Anu Bulusu
With organizations across various industries having to cough up massive fines for non-compliance, some are left to wonder whether the current approaches for achieving compliance simply don’t work.
Organizations are looking for a robust program that will enable them to manage compliance with regulations and internal policies, improve information security practices and streamline audits and remediation activities.
As regulations continue to mount, there is a constant barrage of new guidelines to adhere to, and new initiatives being pushed forth in order to mitigate risk. Needless to say, risk and compliance groups are finding it daunting to keep up. There is also the challenge of growing cyber security threats, further compounding the problem with compliance.
While there are a plethora of problems organizations face with current processes and tools, we will highlight 3 core challenges that we’ve witnessed across multiple industries and organizations:
Challenge 1
Many companies treat each regulation or framework as an independent set of controls, which leads to:
- Multiple Audits
- Redundant tests
- Repetitive evidence gathering
The solution
A centralized repository with a list of controls that map to all regulatory, compliance and operational requirements. This allows for “test once, comply many".
Challenge 2
Manually collecting compliance evidence, through manual assessments, walkthroughs or capturing screenshots. Relying heavily on the tribal knowledge present within the information security team takes a lot of time, and is mostly managed through spreadsheets or email.

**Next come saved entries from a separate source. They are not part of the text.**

Lemma fform_fP B M o u f N e po pu (lam : nat -> F) :
  (fform_varbound f <= M)%N -> (B + M <= N)%N -> (o < B)%N -> (u < B)%N ->
  e o = po -> e u = pu -> pu <> po ->
  (forall v, (v < M)%N -> e (B + v) = line_pt po pu (lam v)) ->
  (gholds e (fform_f B N o u f) <-> fholds ole lam f).
Proof.
elim: f e lam => [a b|a b||a IHa b IHb|n a IH] e lam hf hBN ho hu eo eu uo Hlam;
  simpl in hf.
- rewrite [fform_f _ _ _ _ _]/= (terms2_fP (M := M) (po := po) (pu := pu) (lam := lam)) //; try lia.
  by rewrite /=; upd_simpl; split=> [/(line_pt_inj uo)|->].
- rewrite [fform_f _ _ _ _ _]/= (terms2_fP (M := M) (po := po) (pu := pu) (lam := lam)) //; try lia.
  by rewrite (lefP (al := feval lam a) (be := feval lam b)); upd_simpl; rewrite ?eo ?eu; try lia.
- by [].
- by rewrite /= (IHa e lam) ?(IHb e lam) //; lia.
have IHl l : gholds (upd e (B + n) (line_pt po pu l)) (fform_f B N o u a)
    <-> fholds ole (upd lam n l) a.
  apply: IH; upd_simpl; try lia; try done.
  by move=> v hv; rewrite /upd eqn_add2l; case: eqP => // _; apply: Hlam.
have on_line x : gholds (upd e (B + n) x) (colf N o (B + n) u) <-> exists l, x = line_pt po pu l.
  by rewrite colf_lineP; upd_simpl; rewrite ?eo ?eu //; lia.
split=> H x.
  by apply/IHl/H/on_line; exists x.
by move/on_line=> [l ->]; apply/IHl/H.
Qed.

(* The frame [o; E 0, ..., E (d-1)] is stored in the variables [O, O.+1, ..., O + d];
   coordinates are points of the line [o (E 0)], stored in the variables [c i]. *)
Fixpoint coord_sum_f N O (c : nat -> nat) j s : gf :=
  if j is j'.+1 then
    GEx N (GEx N.+1 (GAnd (coord_sum_f N.+2 O c j' N)
      (GAnd (homothety_f N.+2 O O.+1 (c j') (O.+1 + j') N.+1) (transl_f N.+2 O N.+1 N s))))
  else GEq s O.

Lemma coord_sum_fP O o (E : nat -> pt) c (lam : nat -> F) j N s e :
  (O.+1 + j < N)%N -> (forall i, (i < j)%N -> (c i < N)%N) -> (s < N)%N ->
  e O = o -> e O.+1 = E 0%N -> E 0%N <> o ->
  (forall i, (i < j)%N -> e (O.+1 + i)%N = E i) ->
  (forall i, (i < j)%N -> e (c i) = line_pt o (E 0%N) (lam i)) ->
  (gholds e (coord_sum_f N O c j s) <-> e s = o + \sum_(i < j) lam i *: (E i - o)).
Proof.
elim: j N s e => [|j IH] N s e hN hc hs eO eu uo eE ec; first by rewrite /= big_ord0 addr0 eO.
rewrite big_ord_recr [coord_sum_f _ _ _ _ _]/=.
rewrite (gholds_let2 (p := o + \sum_(i < j) lam i *: (E i - o)) (q := o + lam j *: (E j - o))).
- rewrite (transl_fP (pa := o) (pb := o + lam j *: (E j - o))
    (pc := o + \sum_(i < j) lam i *: (E i - o)) (pk := e s)); upd_simpl; try lia; try done.
  rewrite (TranslP t0_neq0 t0_neq1 d_gt1).
  by split=> [Es|->]; [apply: (eq_lincomb (c := 1) Es) |]; vring.
- move=> x y; rewrite (IH N.+2 N); upd_simpl; try lia; try done.
  + by move=> i hi; have := hc i (leqW hi); lia.
  + by move=> i hi; upd_simpl; apply: eE; lia.
  + by move=> i hi; have hci := hc i (leqW hi); upd_simpl; apply: ec; lia.
- move=> x y; have hcj := hc j (ltnSn j).
  rewrite (homothety_f_line (po := o) (pu := E 0%N) (al := lam j)); upd_simpl;
    try lia; try done.
  + by rewrite eE.
  + by apply: ec.
Qed.

Definition line_block_f N M O body : gf :=
  GExBlock N M (GAnd (GBigAnd (iota 0 M) (fun v => colf (N + M) O (N + v) O.+1)) body).

Lemma line_block_fP N O e po pu M body :
  (O.+1 < N)%N -> e O = po -> e O.+1 = pu -> pu <> po ->
  gholds e (line_block_f N M O body) <->
  exists lam : nat -> F, gholds (upd_block e N M (fun w => line_pt po pu (lam (w - N)%N))) body.
Proof.
move=> hN eO eu uo.
have eO' g : upd_block e N M g O = po by rewrite upd_block_out //; lia.
have eu' g : upd_block e N M g O.+1 = pu by rewrite upd_block_out //; lia.
have on_line g v : (v < M)%N ->
    gholds (upd_block e N M g) (colf (N + M) O (N + v) O.+1) <->
    exists l, g (N + v)%N = line_pt po pu l.
  move=> hv; rewrite colf_lineP ?eO' ?eu' ?upd_block_in //; lia.
rewrite /line_block_f gholds_ex_block; split=> [[g]|[lam Hlam]].
  rewrite gholds_and gholds_bigand => -[Hon Hbody].
  have [lam Hlam] : exists lam : nat -> F, forall v, (v < M)%N ->
      g (N + v)%N = line_pt po pu (lam v).
    apply: (bounded_choice (0 : F) (P := fun v l => g (N + v)%N = line_pt po pu l)) => v hv.
    apply/on_line => //.
    by apply: Hon; rewrite mem_iota.
  exists lam; congr (gholds _ _): Hbody; apply: functional_extensionality => w.
  rewrite /upd_block; case: ifP => // /andP [hw1 hw2].
  by rewrite -(subnKC hw1) Hlam ?addKn //; lia.
exists (fun w => line_pt po pu (lam (w - N)%N)); rewrite gholds_and gholds_bigand.
split=> // v; rewrite mem_iota => hv; apply/on_line; first lia.
by exists (lam v); rewrite addKn.
Qed.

This leads to version control issues and several times evidence cannot be repurposed for other audits, or even reproduced.
The solution
Risk-based, workflow driven control testing, with automated evidence collection wherever possible. INRY clients have leveraged ServiceNow for multiple formats of evidence collection, including basic and advanced indicators pulling data from the CMDB, Attestations and Assessments, and data certification techniques.
Challenge 3
Tracking audit observations and remediation activities to closure and managing risk exceptions.
The Solution
- Logging audit observations
- Generating tasks for remediation
- Workflow driven remediation management
ServiceNow Audit Management for GRC challenges:
The ServiceNow® GRC Audit Management application provides a centralized process for internal audit teams to automate the complete audit life cycle. Project driven audits allow auditors to quickly scope engagements, conduct fieldwork, collect control evidence, and track audit observations.
INRY clients have leveraged ServiceNow Audit Management to log observations and track remediation activities using control tasks. A lot of remediation activities are actually carried out by the Service Management teams, and if they're using ServiceNow ITSM, then it gives them a central location for all tasks, embedding controls into the Service Management processes.
- Service Management and Risk Management share common automated processes and workflow engine
- Assign and track work associated with evidence and remediation tasks
- Design, track, and report on audit activities
- Single System of Record enables integrated checks and balances to ensure controls, service objectives, and operational integrity are achieved.
- Many ServiceNow applications in the ITSM, ITOM, and ITBM already have elements of managing risk.